DATASET EXTRACT:
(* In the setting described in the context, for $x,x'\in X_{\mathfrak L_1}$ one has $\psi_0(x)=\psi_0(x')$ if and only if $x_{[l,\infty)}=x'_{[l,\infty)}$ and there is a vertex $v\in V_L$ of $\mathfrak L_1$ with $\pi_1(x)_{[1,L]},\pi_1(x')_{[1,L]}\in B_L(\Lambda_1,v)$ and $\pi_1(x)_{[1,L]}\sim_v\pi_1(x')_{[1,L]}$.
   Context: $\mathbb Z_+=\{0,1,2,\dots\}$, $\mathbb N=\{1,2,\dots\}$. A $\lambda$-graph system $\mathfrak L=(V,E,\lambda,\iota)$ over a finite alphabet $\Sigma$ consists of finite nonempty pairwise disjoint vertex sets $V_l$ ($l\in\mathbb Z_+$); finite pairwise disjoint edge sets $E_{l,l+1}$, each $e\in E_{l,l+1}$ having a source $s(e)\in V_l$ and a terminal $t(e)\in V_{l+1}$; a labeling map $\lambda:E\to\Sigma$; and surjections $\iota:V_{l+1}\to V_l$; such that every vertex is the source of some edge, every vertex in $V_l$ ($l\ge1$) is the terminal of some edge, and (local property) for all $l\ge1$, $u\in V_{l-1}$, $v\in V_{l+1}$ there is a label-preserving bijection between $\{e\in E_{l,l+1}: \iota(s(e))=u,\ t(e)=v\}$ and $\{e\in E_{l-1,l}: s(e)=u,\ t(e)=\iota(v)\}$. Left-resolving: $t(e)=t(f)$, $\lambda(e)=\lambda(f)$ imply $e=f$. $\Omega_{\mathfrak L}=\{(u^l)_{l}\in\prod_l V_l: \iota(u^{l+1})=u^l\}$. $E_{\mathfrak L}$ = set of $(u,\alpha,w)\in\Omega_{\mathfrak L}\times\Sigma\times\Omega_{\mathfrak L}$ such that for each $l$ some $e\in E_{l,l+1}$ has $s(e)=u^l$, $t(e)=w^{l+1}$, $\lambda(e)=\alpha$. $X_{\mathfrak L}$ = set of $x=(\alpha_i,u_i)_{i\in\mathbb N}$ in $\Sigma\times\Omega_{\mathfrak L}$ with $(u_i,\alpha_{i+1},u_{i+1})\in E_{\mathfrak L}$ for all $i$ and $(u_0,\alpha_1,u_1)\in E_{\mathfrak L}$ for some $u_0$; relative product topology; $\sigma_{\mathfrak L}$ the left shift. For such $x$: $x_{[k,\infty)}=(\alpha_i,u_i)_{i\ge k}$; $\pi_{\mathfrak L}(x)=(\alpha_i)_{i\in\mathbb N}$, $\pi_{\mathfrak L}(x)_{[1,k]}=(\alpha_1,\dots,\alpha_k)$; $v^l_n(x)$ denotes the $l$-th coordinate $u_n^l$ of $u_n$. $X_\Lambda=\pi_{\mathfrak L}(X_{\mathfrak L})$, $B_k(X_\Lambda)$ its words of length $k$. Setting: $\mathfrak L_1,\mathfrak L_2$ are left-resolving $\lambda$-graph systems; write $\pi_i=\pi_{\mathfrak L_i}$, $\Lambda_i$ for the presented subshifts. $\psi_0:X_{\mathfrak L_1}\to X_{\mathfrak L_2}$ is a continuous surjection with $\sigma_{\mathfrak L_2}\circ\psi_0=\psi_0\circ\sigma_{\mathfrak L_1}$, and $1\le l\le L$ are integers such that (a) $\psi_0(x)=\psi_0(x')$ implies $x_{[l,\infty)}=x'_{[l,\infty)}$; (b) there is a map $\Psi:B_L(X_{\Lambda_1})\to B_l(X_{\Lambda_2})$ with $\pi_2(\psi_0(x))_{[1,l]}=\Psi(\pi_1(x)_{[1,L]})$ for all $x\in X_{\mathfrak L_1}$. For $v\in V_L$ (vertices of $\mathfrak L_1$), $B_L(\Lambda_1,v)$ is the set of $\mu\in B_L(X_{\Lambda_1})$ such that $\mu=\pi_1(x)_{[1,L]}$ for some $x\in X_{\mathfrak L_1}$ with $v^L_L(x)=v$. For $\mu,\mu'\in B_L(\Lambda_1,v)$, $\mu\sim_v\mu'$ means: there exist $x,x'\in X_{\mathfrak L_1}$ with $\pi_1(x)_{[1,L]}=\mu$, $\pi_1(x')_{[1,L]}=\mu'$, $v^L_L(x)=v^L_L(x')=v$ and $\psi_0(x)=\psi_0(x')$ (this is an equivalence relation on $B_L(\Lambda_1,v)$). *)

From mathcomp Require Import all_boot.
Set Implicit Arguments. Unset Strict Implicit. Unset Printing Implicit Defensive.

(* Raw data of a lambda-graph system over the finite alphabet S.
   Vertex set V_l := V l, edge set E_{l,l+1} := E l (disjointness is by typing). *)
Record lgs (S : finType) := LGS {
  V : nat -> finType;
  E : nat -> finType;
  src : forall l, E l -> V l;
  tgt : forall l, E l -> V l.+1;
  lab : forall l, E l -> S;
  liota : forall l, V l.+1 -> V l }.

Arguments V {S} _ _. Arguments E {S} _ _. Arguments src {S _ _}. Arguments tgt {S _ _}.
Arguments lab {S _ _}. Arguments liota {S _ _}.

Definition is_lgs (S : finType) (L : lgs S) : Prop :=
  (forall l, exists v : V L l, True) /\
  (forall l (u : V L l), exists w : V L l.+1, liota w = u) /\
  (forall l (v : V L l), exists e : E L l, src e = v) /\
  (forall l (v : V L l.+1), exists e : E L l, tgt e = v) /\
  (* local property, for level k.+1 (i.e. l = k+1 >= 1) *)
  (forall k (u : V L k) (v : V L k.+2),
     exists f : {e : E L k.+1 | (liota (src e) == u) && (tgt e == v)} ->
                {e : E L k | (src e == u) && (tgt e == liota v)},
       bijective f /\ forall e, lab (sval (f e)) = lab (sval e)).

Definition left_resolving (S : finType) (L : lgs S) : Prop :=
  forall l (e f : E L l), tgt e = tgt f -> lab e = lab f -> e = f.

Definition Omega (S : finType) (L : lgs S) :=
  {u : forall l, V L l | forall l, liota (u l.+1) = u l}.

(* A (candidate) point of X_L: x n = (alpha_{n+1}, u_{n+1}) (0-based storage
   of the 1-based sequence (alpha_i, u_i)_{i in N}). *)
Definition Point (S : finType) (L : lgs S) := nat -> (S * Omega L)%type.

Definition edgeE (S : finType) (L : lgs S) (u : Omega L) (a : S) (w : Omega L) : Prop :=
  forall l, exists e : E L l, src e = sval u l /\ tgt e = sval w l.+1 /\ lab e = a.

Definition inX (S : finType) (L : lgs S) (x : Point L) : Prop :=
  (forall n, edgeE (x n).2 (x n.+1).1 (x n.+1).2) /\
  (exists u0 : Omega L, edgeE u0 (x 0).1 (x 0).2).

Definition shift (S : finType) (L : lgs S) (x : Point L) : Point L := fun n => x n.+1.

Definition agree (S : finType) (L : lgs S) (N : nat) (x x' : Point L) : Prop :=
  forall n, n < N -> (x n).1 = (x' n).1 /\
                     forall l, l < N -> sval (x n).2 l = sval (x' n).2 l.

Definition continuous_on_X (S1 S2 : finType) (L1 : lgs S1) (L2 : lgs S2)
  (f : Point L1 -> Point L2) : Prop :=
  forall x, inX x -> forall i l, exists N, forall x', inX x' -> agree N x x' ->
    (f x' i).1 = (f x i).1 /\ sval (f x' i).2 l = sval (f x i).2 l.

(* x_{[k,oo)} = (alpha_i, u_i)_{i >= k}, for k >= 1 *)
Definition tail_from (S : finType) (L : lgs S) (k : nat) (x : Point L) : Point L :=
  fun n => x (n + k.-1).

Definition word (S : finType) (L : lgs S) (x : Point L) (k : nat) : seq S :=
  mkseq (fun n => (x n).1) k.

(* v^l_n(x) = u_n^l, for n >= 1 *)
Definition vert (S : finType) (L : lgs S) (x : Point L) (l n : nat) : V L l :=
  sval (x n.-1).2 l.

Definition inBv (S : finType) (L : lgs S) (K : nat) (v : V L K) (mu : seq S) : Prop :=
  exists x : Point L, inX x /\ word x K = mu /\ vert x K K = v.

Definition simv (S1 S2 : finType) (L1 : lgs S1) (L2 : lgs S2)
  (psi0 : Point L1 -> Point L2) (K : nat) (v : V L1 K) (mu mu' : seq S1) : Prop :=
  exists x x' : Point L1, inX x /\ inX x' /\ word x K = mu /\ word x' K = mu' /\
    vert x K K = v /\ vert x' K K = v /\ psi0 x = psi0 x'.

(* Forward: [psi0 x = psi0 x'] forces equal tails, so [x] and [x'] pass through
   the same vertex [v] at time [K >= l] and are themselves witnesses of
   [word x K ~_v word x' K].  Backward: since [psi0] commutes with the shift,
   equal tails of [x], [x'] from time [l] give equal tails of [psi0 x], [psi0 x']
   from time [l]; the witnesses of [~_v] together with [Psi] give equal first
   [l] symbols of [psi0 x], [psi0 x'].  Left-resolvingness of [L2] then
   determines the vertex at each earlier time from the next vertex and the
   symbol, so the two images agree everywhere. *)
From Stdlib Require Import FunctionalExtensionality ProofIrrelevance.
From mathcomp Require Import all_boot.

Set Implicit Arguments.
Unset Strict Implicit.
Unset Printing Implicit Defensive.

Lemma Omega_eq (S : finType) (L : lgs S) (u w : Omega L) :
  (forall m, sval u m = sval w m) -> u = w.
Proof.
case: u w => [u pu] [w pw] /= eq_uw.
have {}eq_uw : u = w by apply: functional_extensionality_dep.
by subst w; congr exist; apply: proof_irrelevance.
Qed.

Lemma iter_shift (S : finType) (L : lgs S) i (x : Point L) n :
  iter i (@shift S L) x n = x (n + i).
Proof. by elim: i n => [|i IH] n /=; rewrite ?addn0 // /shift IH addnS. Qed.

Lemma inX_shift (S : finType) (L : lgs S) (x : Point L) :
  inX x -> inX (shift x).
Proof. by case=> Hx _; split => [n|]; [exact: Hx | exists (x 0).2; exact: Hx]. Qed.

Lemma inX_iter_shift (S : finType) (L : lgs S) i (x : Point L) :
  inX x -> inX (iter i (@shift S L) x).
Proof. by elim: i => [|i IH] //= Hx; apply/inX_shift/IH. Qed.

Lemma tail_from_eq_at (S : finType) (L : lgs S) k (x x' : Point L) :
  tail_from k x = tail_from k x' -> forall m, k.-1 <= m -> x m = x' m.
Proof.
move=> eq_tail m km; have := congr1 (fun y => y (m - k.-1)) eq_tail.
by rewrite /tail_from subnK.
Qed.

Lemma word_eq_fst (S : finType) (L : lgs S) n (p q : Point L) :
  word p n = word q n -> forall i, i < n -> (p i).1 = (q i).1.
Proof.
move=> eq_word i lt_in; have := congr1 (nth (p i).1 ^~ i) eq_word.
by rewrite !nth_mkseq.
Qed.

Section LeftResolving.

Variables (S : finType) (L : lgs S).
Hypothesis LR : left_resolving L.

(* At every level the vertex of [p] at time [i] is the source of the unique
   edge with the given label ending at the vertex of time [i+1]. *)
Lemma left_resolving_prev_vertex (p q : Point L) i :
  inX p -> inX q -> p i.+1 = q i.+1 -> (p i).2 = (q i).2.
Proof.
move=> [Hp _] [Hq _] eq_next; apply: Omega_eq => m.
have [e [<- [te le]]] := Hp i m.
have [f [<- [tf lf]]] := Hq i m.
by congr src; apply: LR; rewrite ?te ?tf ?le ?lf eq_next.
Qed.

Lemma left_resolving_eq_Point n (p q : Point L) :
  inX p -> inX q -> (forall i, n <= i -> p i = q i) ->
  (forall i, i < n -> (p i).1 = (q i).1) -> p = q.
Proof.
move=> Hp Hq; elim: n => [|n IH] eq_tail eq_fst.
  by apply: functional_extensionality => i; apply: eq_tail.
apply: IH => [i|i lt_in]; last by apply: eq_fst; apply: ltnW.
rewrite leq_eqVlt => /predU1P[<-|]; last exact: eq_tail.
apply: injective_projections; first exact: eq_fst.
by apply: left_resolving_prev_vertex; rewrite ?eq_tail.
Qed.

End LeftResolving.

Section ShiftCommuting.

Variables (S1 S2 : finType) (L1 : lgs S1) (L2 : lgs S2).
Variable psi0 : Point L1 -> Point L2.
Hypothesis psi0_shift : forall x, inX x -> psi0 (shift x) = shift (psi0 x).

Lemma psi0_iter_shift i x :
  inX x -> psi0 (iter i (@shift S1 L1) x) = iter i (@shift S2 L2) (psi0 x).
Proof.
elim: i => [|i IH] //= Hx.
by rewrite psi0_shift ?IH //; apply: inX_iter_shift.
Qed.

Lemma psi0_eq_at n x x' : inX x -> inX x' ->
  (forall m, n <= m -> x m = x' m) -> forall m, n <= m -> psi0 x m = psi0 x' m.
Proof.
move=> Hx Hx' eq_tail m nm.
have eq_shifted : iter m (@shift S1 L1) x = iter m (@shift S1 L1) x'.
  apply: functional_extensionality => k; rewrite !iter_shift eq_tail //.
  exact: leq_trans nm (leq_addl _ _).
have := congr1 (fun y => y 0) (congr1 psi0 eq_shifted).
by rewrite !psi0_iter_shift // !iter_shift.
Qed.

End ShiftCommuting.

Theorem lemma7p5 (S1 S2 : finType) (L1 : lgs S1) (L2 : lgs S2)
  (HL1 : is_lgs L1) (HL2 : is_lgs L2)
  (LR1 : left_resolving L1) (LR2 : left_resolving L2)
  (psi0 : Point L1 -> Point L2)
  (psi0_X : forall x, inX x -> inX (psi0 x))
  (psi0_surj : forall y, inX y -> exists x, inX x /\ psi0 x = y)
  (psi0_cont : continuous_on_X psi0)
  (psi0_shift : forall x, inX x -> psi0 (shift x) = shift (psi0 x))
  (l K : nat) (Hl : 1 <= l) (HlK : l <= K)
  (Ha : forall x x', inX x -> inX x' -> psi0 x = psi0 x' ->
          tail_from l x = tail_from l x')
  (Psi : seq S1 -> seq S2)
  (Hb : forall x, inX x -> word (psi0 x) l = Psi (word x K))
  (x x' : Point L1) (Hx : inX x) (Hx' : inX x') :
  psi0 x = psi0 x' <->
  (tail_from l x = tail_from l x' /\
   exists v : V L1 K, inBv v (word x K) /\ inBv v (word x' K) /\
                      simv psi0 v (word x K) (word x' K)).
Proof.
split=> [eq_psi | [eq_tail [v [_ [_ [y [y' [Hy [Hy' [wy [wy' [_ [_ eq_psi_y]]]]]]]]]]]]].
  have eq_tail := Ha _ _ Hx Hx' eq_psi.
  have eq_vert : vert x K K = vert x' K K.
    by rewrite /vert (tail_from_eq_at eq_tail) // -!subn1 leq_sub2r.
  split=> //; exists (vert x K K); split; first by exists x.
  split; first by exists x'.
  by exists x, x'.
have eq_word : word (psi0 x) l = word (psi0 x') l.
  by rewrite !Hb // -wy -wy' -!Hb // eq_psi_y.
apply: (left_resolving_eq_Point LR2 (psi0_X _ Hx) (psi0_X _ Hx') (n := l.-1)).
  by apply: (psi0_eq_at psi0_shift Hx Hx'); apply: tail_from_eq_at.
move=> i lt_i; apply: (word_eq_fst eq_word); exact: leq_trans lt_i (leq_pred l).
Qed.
==
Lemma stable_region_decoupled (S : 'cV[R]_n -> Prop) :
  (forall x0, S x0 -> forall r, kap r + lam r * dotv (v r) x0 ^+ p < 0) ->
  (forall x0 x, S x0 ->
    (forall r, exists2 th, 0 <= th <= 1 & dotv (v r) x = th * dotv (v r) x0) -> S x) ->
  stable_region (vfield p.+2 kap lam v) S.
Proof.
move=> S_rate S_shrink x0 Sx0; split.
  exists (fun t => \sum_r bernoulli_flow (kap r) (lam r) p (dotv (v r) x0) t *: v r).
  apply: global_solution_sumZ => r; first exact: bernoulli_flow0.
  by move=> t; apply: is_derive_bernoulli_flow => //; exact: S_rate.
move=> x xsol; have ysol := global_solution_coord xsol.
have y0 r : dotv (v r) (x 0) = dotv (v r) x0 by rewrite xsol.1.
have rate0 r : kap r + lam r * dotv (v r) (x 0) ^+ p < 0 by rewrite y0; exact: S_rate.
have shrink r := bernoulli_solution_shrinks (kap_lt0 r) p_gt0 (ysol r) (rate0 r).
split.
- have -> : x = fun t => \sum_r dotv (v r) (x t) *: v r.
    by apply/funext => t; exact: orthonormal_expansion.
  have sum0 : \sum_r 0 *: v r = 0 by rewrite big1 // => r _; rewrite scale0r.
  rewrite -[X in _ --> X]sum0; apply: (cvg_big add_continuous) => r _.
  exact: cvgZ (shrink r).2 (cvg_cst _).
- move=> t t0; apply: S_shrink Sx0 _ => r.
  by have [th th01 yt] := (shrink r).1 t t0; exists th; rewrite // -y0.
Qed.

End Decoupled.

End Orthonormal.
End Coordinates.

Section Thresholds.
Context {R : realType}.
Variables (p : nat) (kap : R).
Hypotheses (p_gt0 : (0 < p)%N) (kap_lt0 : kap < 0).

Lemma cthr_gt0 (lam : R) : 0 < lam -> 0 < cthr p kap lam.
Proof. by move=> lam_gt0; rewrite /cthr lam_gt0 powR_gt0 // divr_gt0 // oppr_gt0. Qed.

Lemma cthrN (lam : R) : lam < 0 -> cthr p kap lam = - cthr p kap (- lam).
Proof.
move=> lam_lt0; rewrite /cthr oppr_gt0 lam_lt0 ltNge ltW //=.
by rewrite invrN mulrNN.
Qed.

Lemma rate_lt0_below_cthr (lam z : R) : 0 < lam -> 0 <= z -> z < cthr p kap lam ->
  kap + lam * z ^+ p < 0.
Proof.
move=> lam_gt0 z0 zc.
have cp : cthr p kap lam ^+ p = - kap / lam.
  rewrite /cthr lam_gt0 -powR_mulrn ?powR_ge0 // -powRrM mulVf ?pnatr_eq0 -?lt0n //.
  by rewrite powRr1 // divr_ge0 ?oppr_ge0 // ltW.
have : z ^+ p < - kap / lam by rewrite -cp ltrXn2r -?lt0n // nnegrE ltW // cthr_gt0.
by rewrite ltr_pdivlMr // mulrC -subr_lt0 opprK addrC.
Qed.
...
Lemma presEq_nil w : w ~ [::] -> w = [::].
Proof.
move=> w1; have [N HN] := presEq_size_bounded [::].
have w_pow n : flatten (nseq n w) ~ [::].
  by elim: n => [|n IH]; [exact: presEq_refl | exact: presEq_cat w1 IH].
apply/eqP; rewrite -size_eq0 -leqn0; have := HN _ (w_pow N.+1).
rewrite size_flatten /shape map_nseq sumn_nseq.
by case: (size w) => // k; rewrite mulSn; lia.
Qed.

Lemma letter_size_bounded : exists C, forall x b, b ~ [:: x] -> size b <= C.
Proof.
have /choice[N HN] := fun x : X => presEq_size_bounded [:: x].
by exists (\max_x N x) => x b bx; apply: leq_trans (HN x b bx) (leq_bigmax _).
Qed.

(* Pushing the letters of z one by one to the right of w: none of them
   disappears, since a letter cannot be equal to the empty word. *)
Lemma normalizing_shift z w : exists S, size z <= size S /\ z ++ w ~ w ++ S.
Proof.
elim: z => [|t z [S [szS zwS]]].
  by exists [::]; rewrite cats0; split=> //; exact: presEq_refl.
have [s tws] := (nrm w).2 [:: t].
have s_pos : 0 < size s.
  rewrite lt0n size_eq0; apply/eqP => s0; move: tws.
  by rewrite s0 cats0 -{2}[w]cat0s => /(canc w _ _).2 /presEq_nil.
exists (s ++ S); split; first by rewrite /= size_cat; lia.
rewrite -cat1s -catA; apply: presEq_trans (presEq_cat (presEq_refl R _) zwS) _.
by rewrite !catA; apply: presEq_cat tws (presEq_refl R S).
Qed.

EXERCISE GOAL: Give only the lines from the one holding "sval (x n.-1).2 l." through the one holding "the same vertex", each restated exactly as it appears above.

EXERCISE ANSWER:
  sval (x n.-1).2 l.

Definition inBv (S : finType) (L : lgs S) (K : nat) (v : V L K) (mu : seq S) : Prop :=
  exists x : Point L, inX x /\ word x K = mu /\ vert x K K = v.

Definition simv (S1 S2 : finType) (L1 : lgs S1) (L2 : lgs S2)
  (psi0 : Point L1 -> Point L2) (K : nat) (v : V L1 K) (mu mu' : seq S1) : Prop :=
  exists x x' : Point L1, inX x /\ inX x' /\ word x K = mu /\ word x' K = mu' /\
    vert x K K = v /\ vert x' K K = v /\ psi0 x = psi0 x'.

(* Forward: [psi0 x = psi0 x'] forces equal tails, so [x] and [x'] pass through
   the same vertex [v] at time [K >= l] and are themselves witnesses of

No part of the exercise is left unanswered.